### PROBLEM TO WORK ON
Output only the lines from the start of the entries through the line holding "(k : nat) : A". Each line must match the original exactly.

(Records from a collection)
________________

Lemma len1_pos (G : graph1) (w : walk1 G) :
  is_walk1 G w -> 0 < hi (len1 G w) + lo (len1 G w).
Proof.
  destruct w as [[|m] x W]; intros [Hm [_ [HW _]]]; cbn in Hm; [lia|].
  destruct (HW m ltac:(cbn; lia)) as [_ [Hn _]]. unfold len1; cbn in *.
  destruct (W m) as [s| | |]; cbn in *; lia.
Qed.

Definition rev1 (G : graph1) (w : walk1 G) : walk1 G :=
  Build_walk1 G (wm G w) (fun k => wx G w (wm G w - k))
    (fun k => rev0 (wW G w (wm G w - S k))).

Lemma is_walk1_rev1 (G : graph1) (w : walk1 G) : is_walk1 G w -> is_walk1 G (rev1 G w).
Proof.
  destruct w as [m x W]; unfold is_walk1, rev1; cbn [wm wx wW].
  intros [Hm [Hint [HW Htip]]]. split; [exact Hm|split; [|split]].
  - intros k Hk. apply Hint; lia.
  - intros k Hk. destruct (HW (m - S k) ltac:(lia)) as [Hv [Hn [HL HR]]].
    rewrite reachesL_rev0, reachesR_rev0.
    replace (m - k) with (S (m - S k)) by lia.
    auto using valid0_rev0, nontrivial0_rev0.
  - intros k a Hk Ha. rewrite tipL_rev0, tipR_rev0.
    replace (m - S (k - 1)) with (m - k) by lia. replace (m - S k) with (m - k - 1) by lia.
    destruct (Htip (m - k) a ltac:(lia) Ha); tauto.
Qed.

Lemma len1_rev1 (G : graph1) (w : walk1 G) : len1 G (rev1 G w) = len1 G w.
Proof.
  unfold len1, rev1; cbn [wm wW].
  rewrite (nsum_upto_ext _ (fun k => len0 _ (wW G w (wm G w - S k))))
    by (intros; apply len0_rev0).
  apply (nsum_upto_rev (fun k => len0 _ (wW G w k))).
Qed.

Lemma joins_sym (G : graph1) (x y : node G) (w : gwalk G) :
  joins G x y w -> exists w', joins G y x w' /\ glen G w' = glen G w.
Proof.
  destruct w as [W|w1]; cbn [joins glen].
  - intros [[s ->] [Hv [[u [-> Hu]] [v [-> Hv']]]]].
    exists (GW0 G (rev0 (WFin s))); cbn [joins glen].
    rewrite leftTerm_rev0, rightTerm_rev0, len0_rev0.
    split; [|reflexivity]. split; [eexists; reflexivity|].
    split; [apply valid0_rev0, Hv | split; eauto].
  - intros [Hw [Hx Hy]]. exists (GW1 G (rev1 G w1)); cbn [joins glen].
    rewrite len1_rev1. split; [|reflexivity].
    split; [apply is_walk1_rev1, Hw|]. cbn [rev1 wm wx].
    rewrite Nat.sub_0_r, Nat.sub_diag; auto.
Qed.

Definition seq_cat {A : Type} (m : nat) (f g : nat -> A) (k : nat) : A :=
  if k <? m then f k else g (k - m).

Lemma seq_cat_lt {A : Type} (m : nat) (f g : nat -> A) (k : nat) :
  k < m -> seq_cat m f g k = f k.
Proof. unfold seq_cat; intros Hk; apply Nat.ltb_lt in Hk; rewrite Hk; reflexivity. Qed.

Lemma seq_cat_ge {A : Type} (m : nat) (f g : nat -> A) (k : nat) :
  m <= k -> seq_cat m f g k = g (k - m).
Proof. unfold seq_cat; intros Hk; apply Nat.ltb_ge in Hk; rewrite Hk; reflexivity. Qed.

Lemma seq_cat_le {A : Type} (m : nat) (f g : nat -> A) (k : nat) :
  f m = g 0 -> k <= m -> seq_cat m f g k = f k.
Proof.
  intros E Hk. destruct (Nat.eq_dec k m) as [->|].
  - rewrite seq_cat_ge, Nat.sub_diag by lia; auto.
  - apply seq_cat_lt; lia.
Qed.

Record walk1_concat (G : graph1) (w1 w2 c : walk1 G) : Prop := {
  concat_walk : is_walk1 G c;
  concat_start : wx G c 0 = wx G w1 0;
  concat_end : wx G c (wm G c) = wx G w2 (wm G w2);
  concat_len : ord_le_cw (len1 G c) (nsum (len1 G w1) (len1 G w2))
}.

Definition cat1 (G : graph1) (w1 w2 : walk1 G) : walk1 G :=
  Build_walk1 G (wm G w1 + wm G w2)
    (seq_cat (wm G w1) (wx G w1) (wx G w2)) (seq_cat (wm G w1) (wW G w1) (wW G w2)).

Lemma is_walk1_cat1 (G : graph1) (w1 w2 : walk1 G) (a0 : N1 G) :
  is_walk1 G w1 -> is_walk1 G w2 -> wx G w1 (wm G w1) = wx G w2 0 -> wx G w2 0 = inr a0 ->
  tipR G (wW G w1 (wm G w1 - 1)) a0 \/ tipL G (wW G w2 0) a0 ->
  is_walk1 G (cat1 G w1 w2).
Proof.
  destruct w1 as [m1 x1 W1], w2 as [m2 x2 W2]; unfold is_walk1, cat1; cbn [wm wx wW].
  intros [Hm1 [Hint1 [HW1 Htip1]]] [Hm2 [Hint2 [HW2 Htip2]]] Ey Ea0 Hjoin.
  split; [lia|split; [|split]].
  - intros k Hk. destruct (Nat.lt_ge_cases k m1).
    + rewrite seq_cat_lt by lia. apply Hint1; lia.
    + rewrite seq_cat_ge by lia. destruct (Nat.eq_dec k m1) as [->|].
      * rewrite Nat.sub_diag; eauto.
      * apply Hint2; lia.
  - intros k Hk. destruct (Nat.lt_ge_cases k m1).
    + rewrite !(seq_cat_le m1 x1 x2 _ Ey), seq_cat_lt by lia. apply HW1; lia.
    + rewrite !seq_cat_ge by lia. replace (S k - m1) with (S (k - m1)) by lia.
      apply HW2; lia.
  - intros k a Hk Ha. destruct (Nat.lt_ge_cases k m1) as [Hlt|Hge].
    + rewrite seq_cat_lt in Ha by lia. rewrite !seq_cat_lt by lia. apply Htip1; [lia | exact Ha].
    + rewrite seq_cat_ge in Ha by lia. rewrite (seq_cat_ge m1 W1 W2 k) by lia.
      destruct (Nat.eq_dec k m1) as [->|].
      * rewrite seq_cat_lt, Nat.sub_diag by lia. rewrite Nat.sub_diag, Ea0 in Ha.
        injection Ha as <-. exact Hjoin.
      * rewrite seq_cat_ge by lia. replace (k - 1 - m1) with (k - m1 - 1) by lia.
        apply Htip2; [lia | exact Ha].
Qed.

Lemma len1_cat1 (G : graph1) (w1 w2 : walk1 G) :
  len1 G (cat1 G w1 w2) = nsum (len1 G w1) (len1 G w2).
Proof.
  unfold len1, cat1; cbn [wm wW]. rewrite nsum_upto_add. f_equal.
  - apply nsum_upto_ext; intros k Hk. rewrite seq_cat_lt by exact Hk. reflexivity.
  - apply nsum_upto_ext; intros k _. rewrite seq_cat_ge by lia. do 3 f_equal; lia.
Qed.

Lemma walk1_concat_cat1 (G : graph1) (w1 w2 : walk1 G) (a0 : N1 G) :
  is_walk1 G w1 -> is_walk1 G w2 -> wx G w1 (wm G w1) = wx G w2 0 -> wx G w2 0 = inr a0 ->
  tipR G (wW G w1 (wm G w1 - 1)) a0 \/ tipL G (wW G w2 0) a0 ->
  walk1_concat G w1 w2 (cat1 G w1 w2).
Proof.
  intros H1 H2 Ey Ea0 Hjoin. split.
  - eapply is_walk1_cat1; eauto.
  - cbn. rewrite seq_cat_lt; [reflexivity|]. destruct H1; lia.
  - cbn. rewrite seq_cat_ge by lia. f_equal; lia.
  - rewrite len1_cat1. unfold ord_le_cw; lia.
Qed.

(* The last 0-walk of [w1] and the first one of [w2] are replaced by their merge [M]. *)
Definition cat_merge (G : graph1) (w1 w2 : walk1 G) (M : walk0 (V G)) : walk1 G :=
  Build_walk1 G (wm G w1 + wm G w2 - 1)
    (seq_cat (wm G w1) (wx G w1) (fun j => wx G w2 (S j)))
    (seq_cat (wm G w1 - 1) (wW G w1)
       (fun j => match j with 0 => M | S j' => wW G w2 (S j') end)).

________________

### OUTPUT OF THE EXERCISE
Lemma len1_pos (G : graph1) (w : walk1 G) :
  is_walk1 G w -> 0 < hi (len1 G w) + lo (len1 G w).
Proof.
  destruct w as [[|m] x W]; intros [Hm [_ [HW _]]]; cbn in Hm; [lia|].
  destruct (HW m ltac:(cbn; lia)) as [_ [Hn _]]. unfold len1; cbn in *.
  destruct (W m) as [s| | |]; cbn in *; lia.
Qed.

Definition rev1 (G : graph1) (w : walk1 G) : walk1 G :=
  Build_walk1 G (wm G w) (fun k => wx G w (wm G w - k))
    (fun k => rev0 (wW G w (wm G w - S k))).

Lemma is_walk1_rev1 (G : graph1) (w : walk1 G) : is_walk1 G w -> is_walk1 G (rev1 G w).
Proof.
  destruct w as [m x W]; unfold is_walk1, rev1; cbn [wm wx wW].
  intros [Hm [Hint [HW Htip]]]. split; [exact Hm|split; [|split]].
  - intros k Hk. apply Hint; lia.
  - intros k Hk. destruct (HW (m - S k) ltac:(lia)) as [Hv [Hn [HL HR]]].
    rewrite reachesL_rev0, reachesR_rev0.
    replace (m - k) with (S (m - S k)) by lia.
    auto using valid0_rev0, nontrivial0_rev0.
  - intros k a Hk Ha. rewrite tipL_rev0, tipR_rev0.
    replace (m - S (k - 1)) with (m - k) by lia. replace (m - S k) with (m - k - 1) by lia.
    destruct (Htip (m - k) a ltac:(lia) Ha); tauto.
Qed.

Lemma len1_rev1 (G : graph1) (w : walk1 G) : len1 G (rev1 G w) = len1 G w.
Proof.
  unfold len1, rev1; cbn [wm wW].
  rewrite (nsum_upto_ext _ (fun k => len0 _ (wW G w (wm G w - S k))))
    by (intros; apply len0_rev0).
  apply (nsum_upto_rev (fun k => len0 _ (wW G w k))).
Qed.

Lemma joins_sym (G : graph1) (x y : node G) (w : gwalk G) :
  joins G x y w -> exists w', joins G y x w' /\ glen G w' = glen G w.
Proof.
  destruct w as [W|w1]; cbn [joins glen].
  - intros [[s ->] [Hv [[u [-> Hu]] [v [-> Hv']]]]].
    exists (GW0 G (rev0 (WFin s))); cbn [joins glen].
    rewrite leftTerm_rev0, rightTerm_rev0, len0_rev0.
    split; [|reflexivity]. split; [eexists; reflexivity|].
    split; [apply valid0_rev0, Hv | split; eauto].
  - intros [Hw [Hx Hy]]. exists (GW1 G (rev1 G w1)); cbn [joins glen].
    rewrite len1_rev1. split; [|reflexivity].
    split; [apply is_walk1_rev1, Hw|]. cbn [rev1 wm wx].
    rewrite Nat.sub_0_r, Nat.sub_diag; auto.
Qed.

Definition seq_cat {A : Type} (m : nat) (f g : nat -> A) (k : nat) : A :=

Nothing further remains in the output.